[Data to process]

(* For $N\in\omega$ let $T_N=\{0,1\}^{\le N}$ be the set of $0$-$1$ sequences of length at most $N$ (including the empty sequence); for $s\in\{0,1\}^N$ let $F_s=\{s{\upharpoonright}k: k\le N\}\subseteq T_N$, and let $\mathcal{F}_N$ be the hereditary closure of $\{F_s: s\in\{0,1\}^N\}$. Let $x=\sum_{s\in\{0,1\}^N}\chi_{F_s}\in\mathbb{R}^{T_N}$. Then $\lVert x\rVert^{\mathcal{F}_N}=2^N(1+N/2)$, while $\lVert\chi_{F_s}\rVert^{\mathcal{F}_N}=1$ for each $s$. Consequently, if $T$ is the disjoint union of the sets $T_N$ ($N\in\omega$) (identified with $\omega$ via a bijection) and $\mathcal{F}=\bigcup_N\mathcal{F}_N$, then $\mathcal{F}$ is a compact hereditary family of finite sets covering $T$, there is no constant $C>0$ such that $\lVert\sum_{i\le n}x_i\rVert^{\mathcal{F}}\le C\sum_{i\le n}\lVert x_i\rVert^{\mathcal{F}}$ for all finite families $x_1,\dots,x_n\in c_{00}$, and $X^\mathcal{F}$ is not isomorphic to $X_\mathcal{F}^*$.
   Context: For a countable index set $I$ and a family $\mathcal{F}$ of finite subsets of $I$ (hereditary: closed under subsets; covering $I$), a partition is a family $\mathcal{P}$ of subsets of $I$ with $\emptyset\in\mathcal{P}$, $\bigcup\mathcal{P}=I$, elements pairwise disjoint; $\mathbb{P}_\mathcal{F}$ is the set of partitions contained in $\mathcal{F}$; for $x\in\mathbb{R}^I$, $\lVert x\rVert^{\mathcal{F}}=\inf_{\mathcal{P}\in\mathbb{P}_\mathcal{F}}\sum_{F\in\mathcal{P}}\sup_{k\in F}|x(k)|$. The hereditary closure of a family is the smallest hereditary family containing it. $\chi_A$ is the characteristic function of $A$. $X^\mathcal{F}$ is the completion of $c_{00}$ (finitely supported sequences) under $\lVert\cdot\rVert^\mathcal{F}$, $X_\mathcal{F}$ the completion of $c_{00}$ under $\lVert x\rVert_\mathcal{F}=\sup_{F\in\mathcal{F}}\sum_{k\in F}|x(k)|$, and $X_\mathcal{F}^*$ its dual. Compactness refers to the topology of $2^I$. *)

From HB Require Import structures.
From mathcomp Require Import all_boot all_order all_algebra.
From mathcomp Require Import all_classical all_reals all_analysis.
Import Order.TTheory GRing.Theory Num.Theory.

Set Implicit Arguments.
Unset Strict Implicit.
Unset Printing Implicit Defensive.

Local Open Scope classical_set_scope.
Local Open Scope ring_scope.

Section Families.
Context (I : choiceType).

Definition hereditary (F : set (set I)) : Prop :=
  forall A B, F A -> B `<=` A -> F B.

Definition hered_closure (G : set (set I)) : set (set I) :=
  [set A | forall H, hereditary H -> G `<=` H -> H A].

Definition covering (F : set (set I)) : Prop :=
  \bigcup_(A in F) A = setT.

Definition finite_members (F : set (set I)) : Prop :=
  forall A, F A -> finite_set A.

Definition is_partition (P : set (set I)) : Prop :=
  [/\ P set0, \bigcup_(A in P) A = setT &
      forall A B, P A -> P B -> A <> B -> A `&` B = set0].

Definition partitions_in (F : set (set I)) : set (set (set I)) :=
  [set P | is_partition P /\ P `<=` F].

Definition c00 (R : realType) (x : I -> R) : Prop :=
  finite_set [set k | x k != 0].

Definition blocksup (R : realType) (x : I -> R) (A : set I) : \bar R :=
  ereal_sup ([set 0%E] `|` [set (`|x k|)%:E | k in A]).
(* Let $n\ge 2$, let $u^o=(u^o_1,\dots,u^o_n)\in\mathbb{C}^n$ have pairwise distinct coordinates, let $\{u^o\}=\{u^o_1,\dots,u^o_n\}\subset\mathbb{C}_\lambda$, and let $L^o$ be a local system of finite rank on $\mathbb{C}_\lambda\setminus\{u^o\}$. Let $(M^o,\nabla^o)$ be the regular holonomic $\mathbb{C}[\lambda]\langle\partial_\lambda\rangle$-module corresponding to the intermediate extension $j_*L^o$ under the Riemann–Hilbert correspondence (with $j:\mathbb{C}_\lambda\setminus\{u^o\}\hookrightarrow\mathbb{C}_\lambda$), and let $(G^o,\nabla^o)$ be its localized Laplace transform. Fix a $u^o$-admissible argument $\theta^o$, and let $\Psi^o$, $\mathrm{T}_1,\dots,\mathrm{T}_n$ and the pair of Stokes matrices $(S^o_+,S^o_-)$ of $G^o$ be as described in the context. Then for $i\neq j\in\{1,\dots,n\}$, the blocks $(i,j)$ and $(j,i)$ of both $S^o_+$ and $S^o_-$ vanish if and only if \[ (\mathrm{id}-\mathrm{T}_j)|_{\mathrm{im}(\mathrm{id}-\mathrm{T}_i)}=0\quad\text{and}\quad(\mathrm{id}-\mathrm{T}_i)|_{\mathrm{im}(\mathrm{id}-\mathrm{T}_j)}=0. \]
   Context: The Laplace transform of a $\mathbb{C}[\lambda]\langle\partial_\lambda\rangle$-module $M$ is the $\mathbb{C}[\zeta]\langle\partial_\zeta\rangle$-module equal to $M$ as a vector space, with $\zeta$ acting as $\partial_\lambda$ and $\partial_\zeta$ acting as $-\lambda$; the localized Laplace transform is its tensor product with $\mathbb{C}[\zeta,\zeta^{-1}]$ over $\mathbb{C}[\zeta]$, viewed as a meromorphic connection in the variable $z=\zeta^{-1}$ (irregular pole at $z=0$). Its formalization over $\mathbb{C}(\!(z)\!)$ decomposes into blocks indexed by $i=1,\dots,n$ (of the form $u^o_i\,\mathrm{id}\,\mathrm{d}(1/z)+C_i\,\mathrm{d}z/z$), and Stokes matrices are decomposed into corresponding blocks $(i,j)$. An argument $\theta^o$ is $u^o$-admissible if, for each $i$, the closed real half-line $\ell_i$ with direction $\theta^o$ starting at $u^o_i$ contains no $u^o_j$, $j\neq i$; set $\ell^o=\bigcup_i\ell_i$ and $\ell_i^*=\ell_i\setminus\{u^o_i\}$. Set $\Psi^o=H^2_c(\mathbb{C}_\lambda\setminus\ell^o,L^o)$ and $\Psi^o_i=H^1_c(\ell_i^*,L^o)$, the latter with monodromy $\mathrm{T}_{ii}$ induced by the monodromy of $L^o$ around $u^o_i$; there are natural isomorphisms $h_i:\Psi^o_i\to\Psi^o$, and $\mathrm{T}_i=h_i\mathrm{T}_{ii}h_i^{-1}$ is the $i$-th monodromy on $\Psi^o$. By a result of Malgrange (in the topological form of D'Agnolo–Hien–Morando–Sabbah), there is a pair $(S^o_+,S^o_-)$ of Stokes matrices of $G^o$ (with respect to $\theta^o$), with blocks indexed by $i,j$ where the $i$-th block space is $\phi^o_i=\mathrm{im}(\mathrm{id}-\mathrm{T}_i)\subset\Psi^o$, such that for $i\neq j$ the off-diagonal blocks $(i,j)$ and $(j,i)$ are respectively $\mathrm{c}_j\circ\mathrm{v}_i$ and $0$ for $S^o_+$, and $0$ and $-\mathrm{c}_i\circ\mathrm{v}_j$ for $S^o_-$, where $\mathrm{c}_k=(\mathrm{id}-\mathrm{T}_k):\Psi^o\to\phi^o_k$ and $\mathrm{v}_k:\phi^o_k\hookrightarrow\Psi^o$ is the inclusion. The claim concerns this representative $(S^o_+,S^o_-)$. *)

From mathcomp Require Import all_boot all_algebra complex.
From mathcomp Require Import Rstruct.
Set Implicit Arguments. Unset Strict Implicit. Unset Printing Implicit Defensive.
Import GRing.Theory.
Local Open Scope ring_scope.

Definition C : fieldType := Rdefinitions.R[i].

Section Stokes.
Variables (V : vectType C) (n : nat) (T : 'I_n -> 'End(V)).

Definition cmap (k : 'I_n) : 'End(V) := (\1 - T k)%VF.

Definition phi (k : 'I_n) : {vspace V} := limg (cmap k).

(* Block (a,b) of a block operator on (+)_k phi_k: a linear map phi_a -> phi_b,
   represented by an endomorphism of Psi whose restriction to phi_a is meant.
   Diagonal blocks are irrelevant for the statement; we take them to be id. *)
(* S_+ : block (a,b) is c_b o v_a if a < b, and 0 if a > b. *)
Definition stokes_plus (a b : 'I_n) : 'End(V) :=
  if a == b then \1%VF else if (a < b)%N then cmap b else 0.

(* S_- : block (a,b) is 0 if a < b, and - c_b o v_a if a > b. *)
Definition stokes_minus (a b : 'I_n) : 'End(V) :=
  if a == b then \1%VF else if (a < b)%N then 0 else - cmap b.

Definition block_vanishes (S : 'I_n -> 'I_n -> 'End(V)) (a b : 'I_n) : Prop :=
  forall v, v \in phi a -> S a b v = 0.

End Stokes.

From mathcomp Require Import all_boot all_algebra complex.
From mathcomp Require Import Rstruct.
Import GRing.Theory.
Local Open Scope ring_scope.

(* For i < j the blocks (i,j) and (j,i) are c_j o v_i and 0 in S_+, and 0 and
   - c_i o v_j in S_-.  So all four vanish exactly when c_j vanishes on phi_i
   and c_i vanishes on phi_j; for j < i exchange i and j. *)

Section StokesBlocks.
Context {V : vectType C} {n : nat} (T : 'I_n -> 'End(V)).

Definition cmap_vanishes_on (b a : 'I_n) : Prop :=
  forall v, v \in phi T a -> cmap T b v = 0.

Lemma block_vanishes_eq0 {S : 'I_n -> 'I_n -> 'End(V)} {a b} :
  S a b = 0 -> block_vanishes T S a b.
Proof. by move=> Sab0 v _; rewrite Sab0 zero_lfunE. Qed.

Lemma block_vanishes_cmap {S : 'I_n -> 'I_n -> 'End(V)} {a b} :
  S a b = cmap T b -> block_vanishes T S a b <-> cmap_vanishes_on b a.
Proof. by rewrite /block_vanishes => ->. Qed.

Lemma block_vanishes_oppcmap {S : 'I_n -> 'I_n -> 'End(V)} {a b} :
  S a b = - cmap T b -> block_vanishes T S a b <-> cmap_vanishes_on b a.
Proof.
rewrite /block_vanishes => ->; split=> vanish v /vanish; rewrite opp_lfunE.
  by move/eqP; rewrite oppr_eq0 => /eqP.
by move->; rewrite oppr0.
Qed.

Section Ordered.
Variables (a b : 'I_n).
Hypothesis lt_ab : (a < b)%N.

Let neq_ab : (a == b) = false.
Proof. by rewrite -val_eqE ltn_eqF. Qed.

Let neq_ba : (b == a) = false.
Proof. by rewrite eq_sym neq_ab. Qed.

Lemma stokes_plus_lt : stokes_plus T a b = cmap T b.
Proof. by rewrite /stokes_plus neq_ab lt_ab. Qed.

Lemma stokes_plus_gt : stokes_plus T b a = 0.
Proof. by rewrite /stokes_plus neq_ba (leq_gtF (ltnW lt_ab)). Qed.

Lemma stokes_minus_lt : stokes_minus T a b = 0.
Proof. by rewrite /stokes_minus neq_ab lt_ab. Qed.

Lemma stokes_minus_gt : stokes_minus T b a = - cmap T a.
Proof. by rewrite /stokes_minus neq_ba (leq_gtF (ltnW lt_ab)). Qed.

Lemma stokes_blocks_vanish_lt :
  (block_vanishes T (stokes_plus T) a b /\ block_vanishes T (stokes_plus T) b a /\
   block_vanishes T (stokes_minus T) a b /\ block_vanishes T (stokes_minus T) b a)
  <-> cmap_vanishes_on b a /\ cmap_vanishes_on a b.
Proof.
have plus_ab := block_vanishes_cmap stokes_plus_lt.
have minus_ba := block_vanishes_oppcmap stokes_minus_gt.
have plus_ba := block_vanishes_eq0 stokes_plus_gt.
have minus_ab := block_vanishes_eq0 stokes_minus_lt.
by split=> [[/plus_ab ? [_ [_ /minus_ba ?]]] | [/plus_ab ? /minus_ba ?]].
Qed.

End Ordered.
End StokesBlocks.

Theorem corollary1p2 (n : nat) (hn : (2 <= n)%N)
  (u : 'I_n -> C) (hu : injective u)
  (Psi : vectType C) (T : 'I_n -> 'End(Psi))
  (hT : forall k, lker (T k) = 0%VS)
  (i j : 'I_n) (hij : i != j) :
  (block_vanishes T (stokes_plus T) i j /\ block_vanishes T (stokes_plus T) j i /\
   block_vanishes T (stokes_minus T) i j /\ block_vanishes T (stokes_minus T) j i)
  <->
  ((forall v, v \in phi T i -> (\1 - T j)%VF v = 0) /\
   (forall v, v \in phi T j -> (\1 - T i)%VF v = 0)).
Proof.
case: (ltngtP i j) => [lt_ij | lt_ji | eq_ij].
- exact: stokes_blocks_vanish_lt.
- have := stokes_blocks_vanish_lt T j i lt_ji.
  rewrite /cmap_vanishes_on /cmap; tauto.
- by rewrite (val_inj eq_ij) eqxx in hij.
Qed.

[/Data to process]

What the task requires:
Copy the lines of the data above exactly as written, beginning with the line containing "[set P | is_partition" and ending with the line containing "ereal_sup ([set 0%E]", and leave out all other lines.

Exercise result:
  [set P | is_partition P /\ P `<=` F].

Definition c00 (R : realType) (x : I -> R) : Prop :=
  finite_set [set k | x k != 0].

Definition blocksup (R : realType) (x : I -> R) (A : set I) : \bar R :=
  ereal_sup ([set 0%E] `|` [set (`|x k|)%:E | k in A]).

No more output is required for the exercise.